(* Let $(X,Y)$ be a random pair in $\mathbb{R}^d\times\mathbb{R}$ with law $\rho$ such that $\|X\|^2\le K$ almost surely, and let $\Sigma=\mathbb{E}[XX^\top]$ and $L(\theta)=\frac12\mathbb{E}[(\langle\theta,X\rangle-Y)^2]$. For $\theta\in\mathbb{R}^d$ let $r_X(\theta)=\langle\theta,X\rangle-Y$ and $$\sigma(\theta)=\Big(\mathbb{E}[r_X(\theta)^2XX^\top]-\mathbb{E}[r_X(\theta)X]\,\mathbb{E}[r_X(\theta)X]^\top\Big)^{1/2}$$ (positive semidefinite square root). Assume there exists $a>0$ such that for all $\theta\in\mathbb{R}^d$, $\sigma(\theta)^2\succcurlyeq a^2L(\theta)I_d$ and $L(\theta)\ge a^2$. Then there exists a constant $c>0$ depending only on $\rho$ such that for all $\theta,\eta\in\mathbb{R}^d$, $$\|\sigma(\theta)-\sigma(\eta)\|_{\mathrm{HS}}^2\le 2cK\,\langle\Sigma(\theta-\eta),\theta-\eta\rangle.$$
   Context: $\|\cdot\|_{\mathrm{HS}}$ is the Hilbert–Schmidt (Frobenius) norm; $\succcurlyeq$ is the Loewner order on symmetric matrices. *)

From HB Require Import structures.
From mathcomp Require Import all_boot all_order all_algebra.
From mathcomp Require Import all_classical all_reals all_analysis.
Set Implicit Arguments. Unset Strict Implicit. Unset Printing Implicit Defensive.
Import Order.TTheory GRing.Theory Num.Theory.
Local Open Scope ring_scope.

Definition psd (R : realType) (n : nat) (S : 'M[R]_n) : Prop :=
  S^T = S /\ forall v : 'cV[R]_n, 0 <= (v^T *m S *m v) 0 0.

Definition loewner_ge (R : realType) (n : nat) (A B : 'M[R]_n) : Prop :=
  psd (A - B).

(* The positive semidefinite square root: the (unique, when M is PSD) PSD
   matrix S with S * S = M (chosen classically; 0 if none exists). *)
Definition psd_sqrt (R : realType) (n : nat) (M : 'M[R]_n) : 'M[R]_n :=
  xget 0 [set S : 'M[R]_n | psd S /\ S *m S = M].

Definition hs2 (R : realType) (m n : nat) (A : 'M[R]_(m, n)) : R :=
  \sum_i \sum_j (A i j) ^+ 2.
Definition lap_invariant (G : groupType) (act : G -> X -> X)
  (b : X -> X -> R) : Prop :=
  forall g : G,
    (forall f, lap_domain b f -> lap_domain b (transl act g f)) /\
    (forall f, lap_domain b f -> lap b (transl act g f) = transl act g (lap b f)).
End Graphs.

(* Every element of G acts trivially on bounded harmonic functions.  For a
   nilpotent group this follows by descending induction along the lower
   central series, once it is known for every g whose commutators [g, k] act
   trivially.  For such a g the translation T_g commutes with every T_k on
   bounded harmonic functions, so all translates of h = T_g u - u are harmonic,
   and the Harnack inequality on the finite set V with G V = X gives
   s - h (g^-1 y) <= C (s - h y) for s = sup h.  If s > 0, then starting close
   to the supremum the increments of u along y, g^-1 y, g^-2 y, ... stay above
   s / 2 for arbitrarily many steps, which contradicts the boundedness of u.
   Hence T_g u <= u, and T_g u = u by symmetry.  A G-invariant function
   attains its maximum on V, and by the maximum principle (Harnack along a
   path) a harmonic function attaining its maximum is constant. *)

From HB Require Import structures.
From mathcomp Require Import all_boot all_order all_algebra.
From mathcomp Require Import monoid.
From mathcomp Require Import all_classical all_reals all_analysis.
From mathcomp Require Import ring lra.
(* Consider the partition posets of $\{1,\dots,n\}$ ordered by refinement (the operadic partition posets of the commutative operad $\operatorname{Com}$), with the labelling which labels the edge between a partition $(A_1,\dots,A_p)$ and the partition obtained by merging two parts $A_i$ and $A_j$ by $\max(\min A_i,\min A_j)$. This labelling is compatible with isomorphisms of subposets.
   Context: $\operatorname{Com}$ is the basic-set operad with a single element $e_n$ in each arity $n\ge1$, with $\gamma(e_p;e_{k_1},\dots,e_{k_p})=e_{k_1+\dots+k_p}$, generated by a binary symmetric operation; its $\operatorname{Com}$-partitions of a set are the usual set partitions and the order is refinement. For a covering $\lambda\prec\omega$ merging $A_i$ and $A_j$, set $D_\lambda^\omega=\{\min A_i,\min A_j\}$ and $\delta_\lambda^\omega$ the element $e_2$ on these two points; for a general $\lambda\le\omega$, $D_\lambda^\omega$ is the set of minima of the parts of $\lambda$ lying in parts of $\omega$ which are not parts of $\lambda$, and $\delta_\lambda^\omega$ the corresponding partition of $D_\lambda^\omega$ induced by $\omega$. Two interval subposets $\Pi_1,\Pi_2$ (of possibly different partition posets) with $E_i=\bigcup_{\lambda\le\omega\in\Pi_i}D_\lambda^\omega$ are isomorphic if there is a poset isomorphism $g:\Pi_1\to\Pi_2$ and an increasing bijection $f:E_1\to E_2$ with $\delta_{g(\lambda)}^{g(\omega)}=f(\delta_\lambda^\omega)$ for every covering $\lambda\prec\omega$. A family of labellings is compatible with isomorphisms of subposets if every such isomorphism induces a map on labels sending increasing chains to increasing chains, non-increasing chains to non-increasing chains, and preserving the lexicographic preorder on chains. *)

From mathcomp Require Import all_boot.
Set Implicit Arguments. Unset Strict Implicit. Unset Printing Implicit Defensive.

(* The ground set {1,...,n} is represented by 'I_n, the ordinal i standing
   for the integer i+1.  A set partition (= Com-partition) of {1,...,n} is a
   P : {set {set 'I_n}} with [partition P [set: 'I_n]]. *)
Notation part n := {set {set 'I_n}}.

Definition is_part n (P : part n) : bool := partition P [set: 'I_n].

Definition refines n (lam om : part n) : bool :=
  [forall A in lam, exists B in om, A \subset B].

Definition merges n (lam om : part n) (A B : {set 'I_n}) : Prop :=
  [/\ A \in lam, B \in lam, A != B & om = (lam :\ A :\ B) :|: [set A :|: B]].

Definition covers n (lam om : part n) : Prop :=
  exists A B, merges lam om A B.

Definition is_min n (A : {set 'I_n}) (i : 'I_n) : bool :=
  (i \in A) && [forall j in A, i <= j].

Definition min1 n (A : {set 'I_n}) : nat := (\big[minn/n]_(i in A) (i : nat)).+1.

Definition Dset n (lam om : part n) : {set 'I_n} :=
  [set i | [exists A in lam, is_min A i &&
             [exists B in om, (A \subset B) && (B \notin lam)]]].

Definition delta n (lam om : part n) : {set {set 'I_n}} :=
  [set B :&: Dset lam om | B in om & B :&: Dset lam om != set0].

Definition in_interval n (a b x : part n) : bool :=
  [&& is_part x, refines a x & refines x b].

Definition is_interval n (a b : part n) : bool :=
  [&& is_part a, is_part b & refines a b].

Definition Eset n (a b : part n) : {set 'I_n} :=
  [set i | [exists lam, exists om,
     [&& in_interval a b lam, in_interval a b om, refines lam om &
         i \in Dset lam om]]].

Definition subposet_iso n1 n2 (a1 b1 : part n1) (a2 b2 : part n2)
    (g : part n1 -> part n2) (f : 'I_n1 -> 'I_n2) : Prop :=
  [/\
      (forall x, in_interval a1 b1 x -> in_interval a2 b2 (g x)),
      (forall x y, in_interval a1 b1 x -> in_interval a1 b1 y -> g x = g y -> x = y),
      (forall y, in_interval a2 b2 y -> exists2 x, in_interval a1 b1 x & g x = y) &
      (forall x y, in_interval a1 b1 x -> in_interval a1 b1 y ->
          refines x y = refines (g x) (g y))] /\
  (
      [/\ (forall i, i \in Eset a1 b1 -> f i \in Eset a2 b2),
          (forall i j, i \in Eset a1 b1 -> j \in Eset a1 b1 ->
             (i < j)%N -> (f i < f j)%N) &
          (forall j, j \in Eset a2 b2 -> exists2 i, i \in Eset a1 b1 & f i = j)] /\
      (forall lam om, in_interval a1 b1 lam -> in_interval a1 b1 om ->
          covers lam om ->
          delta (g lam) (g om) = [set f @: (X : {set 'I_n1}) | X in delta lam om])).

Definition labelling := forall n, part n -> part n -> nat.

Fixpoint cover_path n (x : part n) (s : seq (part n)) : Prop :=
  if s is y :: s' then covers x y /\ cover_path y s' else True.

Definition max_chain n (a b : part n) (s : seq (part n)) : Prop :=
  cover_path a s /\ last a s = b.

Definition chain_labels (lab : labelling) n (a : part n) (s : seq (part n)) : seq nat :=
  pairmap (@lab n) a s.

Definition increasing (s : seq nat) : bool := sorted ltn s.

Fixpoint lex_le (s t : seq nat) : bool :=
  match s, t with
  | [::], _ => true
  | _ :: _, [::] => false
  | x :: s', y :: t' => (x < y)%N || ((x == y) && lex_le s' t')
  end.

Definition compatible_with_isos (lab : labelling) : Prop :=
  forall n1 n2 (a1 b1 : part n1) (a2 b2 : part n2)
         (g : part n1 -> part n2) (f : 'I_n1 -> 'I_n2),
    is_interval a1 b1 -> is_interval a2 b2 -> subposet_iso a1 b1 a2 b2 g f ->
    exists phi : nat -> nat,
      (forall lam om, in_interval a1 b1 lam -> in_interval a1 b1 om ->
          covers lam om -> lab n2 (g lam) (g om) = phi (lab n1 lam om)) /\
      (forall s, max_chain a1 b1 s ->
          (increasing (chain_labels lab a1 s) ->
             increasing (chain_labels lab (g a1) (map g s))) /\
          (~~ increasing (chain_labels lab a1 s) ->
             ~~ increasing (chain_labels lab (g a1) (map g s)))) /\
      (forall s t, max_chain a1 b1 s -> max_chain a1 b1 t ->
          lex_le (chain_labels lab a1 s) (chain_labels lab a1 t) ->
          lex_le (chain_labels lab (g a1) (map g s))
                 (chain_labels lab (g a1) (map g t))).

(* For a covering, lam :\: om = {A_i, A_j}, the two
   merged parts.  (Off coverings the value is irrelevant.) *)
Definition com_label : labelling :=
  fun n lam om => \max_(A in lam :\: om) min1 A.

From mathcomp Require Import all_boot.
Set Implicit Arguments. Unset Strict Implicit. Unset Printing Implicit Defensive.

(* A covering lam < om merges two blocks A, B of lam, with minima mA, mB;
   then D_lam^om = {mA, mB}, delta_lam^om = {{mA, mB}} and the label is
   max(mA, mB).  An isomorphism (g, f) of interval subposets preserves
   coverings: a partition strictly between g lam and g om would pull back to
   one strictly between lam and om, which counting blocks rules out.  The
   compatibility with the deltas then forces g lam < g om to merge blocks with
   minima f mA, f mB, so the new label is f applied to the old one.  Since f
   is increasing on E, relabelling preserves strict increase and the
   lexicographic order of label sequences. *)

Section Partitions.

Variable n : nat.
Implicit Types (P x y z : part n) (A B C : {set 'I_n}).

Lemma pblock_part_mem P i : is_part P -> pblock P i \in P.
Proof. by move=> /cover_partition cP; apply: pblock_mem; rewrite cP inE. Qed.

Lemma mem_pblock_part P i : is_part P -> i \in pblock P i.
Proof. by move=> /cover_partition cP; rewrite mem_pblock cP inE. Qed.

Lemma part_block_eq P A B i :
  is_part P -> A \in P -> B \in P -> i \in A -> i \in B -> A = B.
Proof.
move=> /partition_trivIset tP PA PB iA iB.
by rewrite -(def_pblock tP PA iA) (def_pblock tP PB iB).
Qed.

Lemma part_block_neq0 P A : is_part P -> A \in P -> exists i, i \in A.
Proof. by move=> pP PA; apply/set0Pn; apply: partition_neq0 pP PA. Qed.

Lemma refinesP x y :
  reflect (forall A, A \in x -> exists2 C, C \in y & A \subset C) (refines x y).
Proof.
apply: (iffP forall_inP) => H A /H; first by case/exists_inP=> C; exists C.
by case=> C yC sAC; apply/exists_inP; exists C.
Qed.

Lemma refines_refl x : refines x x.
Proof. by apply/refinesP => A xA; exists A. Qed.

Lemma refines_trans x y z : refines x y -> refines y z -> refines x z.
Proof.
move=> /refinesP rxy /refinesP ryz; apply/refinesP => A /rxy[B /ryz[C zC sBC] sAB].
by exists C; rewrite // (subset_trans sAB sBC).
Qed.

Lemma refines_block x y A C i : is_part y -> refines x y ->
  A \in x -> C \in y -> i \in A -> i \in C -> A \subset C.
Proof.
move=> py /refinesP rxy xA yC iA iC; have [D yD sAD] := rxy A xA.
by rewrite (part_block_eq py yC yD iC (subsetP sAD i iA)).
Qed.

Definition block_of y A : {set 'I_n} :=
  if [pick i in A] is Some i then pblock y i else set0.

Lemma block_of_eq y A C i :
  is_part y -> C \in y -> i \in A -> A \subset C -> block_of y A = C.
Proof.
move=> /partition_trivIset ty yC iA sAC; rewrite /block_of.
case: pickP => [j jA | /(_ i)]; last by rewrite iA.
by apply: def_pblock; rewrite // (subsetP sAC).
Qed.

Lemma block_of_refines x y A : is_part x -> is_part y -> refines x y -> A \in x ->
  block_of y A \in y /\ A \subset block_of y A.
Proof.
move=> px py /refinesP rxy xA; have [C yC sAC] := rxy A xA.
have [i iA] := part_block_neq0 px xA.
by rewrite (block_of_eq py yC iA sAC).
Qed.

Lemma imset_block_of x y : is_part x -> is_part y -> refines x y ->
  block_of y @: x = y.
Proof.
move=> px py rxy; apply/setP => C; apply/imsetP/idP => [[A xA ->] | yC].
  by case: (block_of_refines px py rxy xA).
have [i iC] := part_block_neq0 py yC.
have xA := pblock_part_mem i px; have iA := mem_pblock_part i px.
exists (pblock x i) => //.
by rewrite (block_of_eq py yC iA) // (refines_block py rxy xA yC iA iC).
Qed.

(* block_of y maps the blocks of x onto those of y, injectively only when
   x = y. *)
Lemma card_refines x y : is_part x -> is_part y -> refines x y ->
  #|y| <= #|x| ?= iff (x == y).
Proof.
move=> px py rxy; have imsetE := imset_block_of px py rxy.
rewrite -{1}imsetE; split; first exact: leq_imset_card.
apply/imset_injP/eqP => [inj_block | <- A B xA xB]; last first.
  have [i iA] := part_block_neq0 px xA; have [j jB] := part_block_neq0 px xB.
  by rewrite (block_of_eq px xA iA) // (block_of_eq px xB jB).
rewrite -imsetE -[LHS]imset_id; apply/esym/eq_in_imset => A xA.
have [yC sAC] := block_of_refines px py rxy xA.
apply/eqP; rewrite eqEsubset sAC andbT; apply/subsetP => i iC.
have xA' := pblock_part_mem i px; have iA' := mem_pblock_part i px.
have sA'C := refines_block py rxy xA' yC iA' iC.
by rewrite -(inj_block _ _ xA' xA (block_of_eq py yC iA' sA'C)).
Qed.

Lemma refines_merged_blocks x y : is_part x -> is_part y -> refines x y -> x != y ->
  exists A B, [/\ A \in x, B \in x, A != B & block_of y A = block_of y B].
Proof.
move=> px py rxy nxy.
suff /exists_inP[A xA /exists_inP[B xB /andP[nAB /eqP eAB]]] :
    [exists A in x, exists B in x, (A != B) && (block_of y A == block_of y B)].
  by exists A, B.
apply: contraR nxy => /exists_inPn noMerge.
rewrite -(card_refines px py rxy) -{1}(imset_block_of px py rxy).
apply/imset_injP => A B xA xB eAB; apply/eqP; apply: contraNT (noMerge A xA) => nAB.
by apply/exists_inP; exists B; rewrite // nAB eAB eqxx.
Qed.

Lemma setU_blocks_notin P A B :
  is_part P -> A \in P -> B \in P -> A != B -> A :|: B \notin P.
Proof.
move=> pP PA PB nAB; apply/negP => PAB.
have [i iA] := part_block_neq0 pP PA; have [j jB] := part_block_neq0 pP PB.
have eA := part_block_eq pP PA PAB iA (subsetP (subsetUl A B) i iA).
have eB := part_block_eq pP PB PAB jB (subsetP (subsetUr A B) j jB).
by move/eqP: nAB; apply; rewrite eA -eB.
Qed.

Lemma blocks_sub_setU P A B D : is_part P -> A \in P -> B \in P -> D \in P ->
  D \subset A :|: B -> D = A \/ D = B.
Proof.
move=> pP PA PB PD sDAB; have [i iD] := part_block_neq0 pP PD.
case/setUP: (subsetP sDAB i iD) => [iA | iB].
  by left; apply: part_block_eq pP PD PA iD iA.
by right; apply: part_block_eq pP PD PB iD iB.
Qed.

End Partitions.

Section Merges.
Definition is_copy n k r (E : {set {set 'I_n}}) (c : coloring E r)
  (F : pattern k r) (phi : {ffun 'I_k -> 'I_n}) : bool :=
  [&& injectiveb phi,
      [forall i : 'I_k, forall j : 'I_k, (i != j) ==> ([set phi i; phi j] \in E)] &
      [forall i : 'I_k, forall j : 'I_k, forall i' : 'I_k, forall j' : 'I_k,
         ((i != j) && (i' != j')) ==>
         ((colof c [set phi i; phi j] == colof c [set phi i'; phi j'])
          == (F [set i; j] == F [set i'; j']))]].

Definition F_free n k r (E : {set {set 'I_n}}) (c : coloring E r)
  (F : pattern k r) : bool :=
  ~~ [exists phi : {ffun 'I_k -> 'I_n}, is_copy c F phi].

Definition cnt_free n k r (F : pattern k r) (E : {set {set 'I_n}}) : nat :=
  #|[set c : coloring E r | F_free c F]|.

Definition extremal n k r (F : pattern k r) (E : {set {set 'I_n}}) : Prop :=
  simple_graph E /\
  forall E' : {set {set 'I_n}}, simple_graph E' -> cnt_free F E' <= cnt_free F E.

Definition complete_multipartite n (E : {set {set 'I_n}}) : Prop :=
  exists p : 'I_n -> nat,
    forall x y : 'I_n, x != y -> ([set x; y] \in E) = (p x != p y).

From mathcomp Require Import all_boot fingroup perm.
Set Implicit Arguments. Unset Strict Implicit. Unset Printing Implicit Defensive.

(* Zykov symmetrization.  Let H be the complement of {u, v, w} and, for a
   coloring psi of G[H], let a, b_v, b_w, b_vw count the F-free colorings of
   G[H + u], G[H + v], G[H + w], G[H + v + w] extending psi.  Every clique of
   a graph lies on one side of a separator, so these counts multiply:
   c(G) = sum a b_vw, c(G - vw) = sum a b_v b_w, and c(G') = sum a^3 for the
   graph G' in which v and w are replaced by non-adjacent twins of u.  If x, y
   are non-adjacent in an extremal graph, turning either into a twin of the
   other cannot increase sum a_x a_y, which forces a_x = a_y for every psi;
   applied to (u, v) and (u, w) this gives b_vw = a b_v = a b_w.  By AM-GM,
   2 c(G) <= c(G - vw) + c(G') <= c(G - vw) + c(G). *)

Lemma card_fibers (A B : finType) (S : {set A}) (f : A -> B) :
  #|S| = \sum_b #|[set x in S | f x == b]|.
Proof.
rewrite -sum1_card (partition_big f xpredT) //=.
by apply: eq_bigr => b _; rewrite -sum1_card; apply: eq_bigl => x; rewrite inE.
Qed.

◆ Exercise objective:
Working from the data above, extract solely the lines from the one containing "(* For a covering, lam" through the one containing "by rewrite -(def_pblock", exactly as they appear, both included.

◆ Completed exercise:
(* For a covering, lam :\: om = {A_i, A_j}, the two
   merged parts.  (Off coverings the value is irrelevant.) *)
Definition com_label : labelling :=
  fun n lam om => \max_(A in lam :\: om) min1 A.

From mathcomp Require Import all_boot.
Set Implicit Arguments. Unset Strict Implicit. Unset Printing Implicit Defensive.

(* A covering lam < om merges two blocks A, B of lam, with minima mA, mB;
   then D_lam^om = {mA, mB}, delta_lam^om = {{mA, mB}} and the label is
   max(mA, mB).  An isomorphism (g, f) of interval subposets preserves
   coverings: a partition strictly between g lam and g om would pull back to
   one strictly between lam and om, which counting blocks rules out.  The
   compatibility with the deltas then forces g lam < g om to merge blocks with
   minima f mA, f mB, so the new label is f applied to the old one.  Since f
   is increasing on E, relabelling preserves strict increase and the
   lexicographic order of label sequences. *)

Section Partitions.

Variable n : nat.
Implicit Types (P x y z : part n) (A B C : {set 'I_n}).

Lemma pblock_part_mem P i : is_part P -> pblock P i \in P.
Proof. by move=> /cover_partition cP; apply: pblock_mem; rewrite cP inE. Qed.

Lemma mem_pblock_part P i : is_part P -> i \in pblock P i.
Proof. by move=> /cover_partition cP; rewrite mem_pblock cP inE. Qed.

Lemma part_block_eq P A B i :
  is_part P -> A \in P -> B \in P -> i \in A -> i \in B -> A = B.
Proof.
move=> /partition_trivIset tP PA PB iA iB.
by rewrite -(def_pblock tP PA iA) (def_pblock tP PB iB).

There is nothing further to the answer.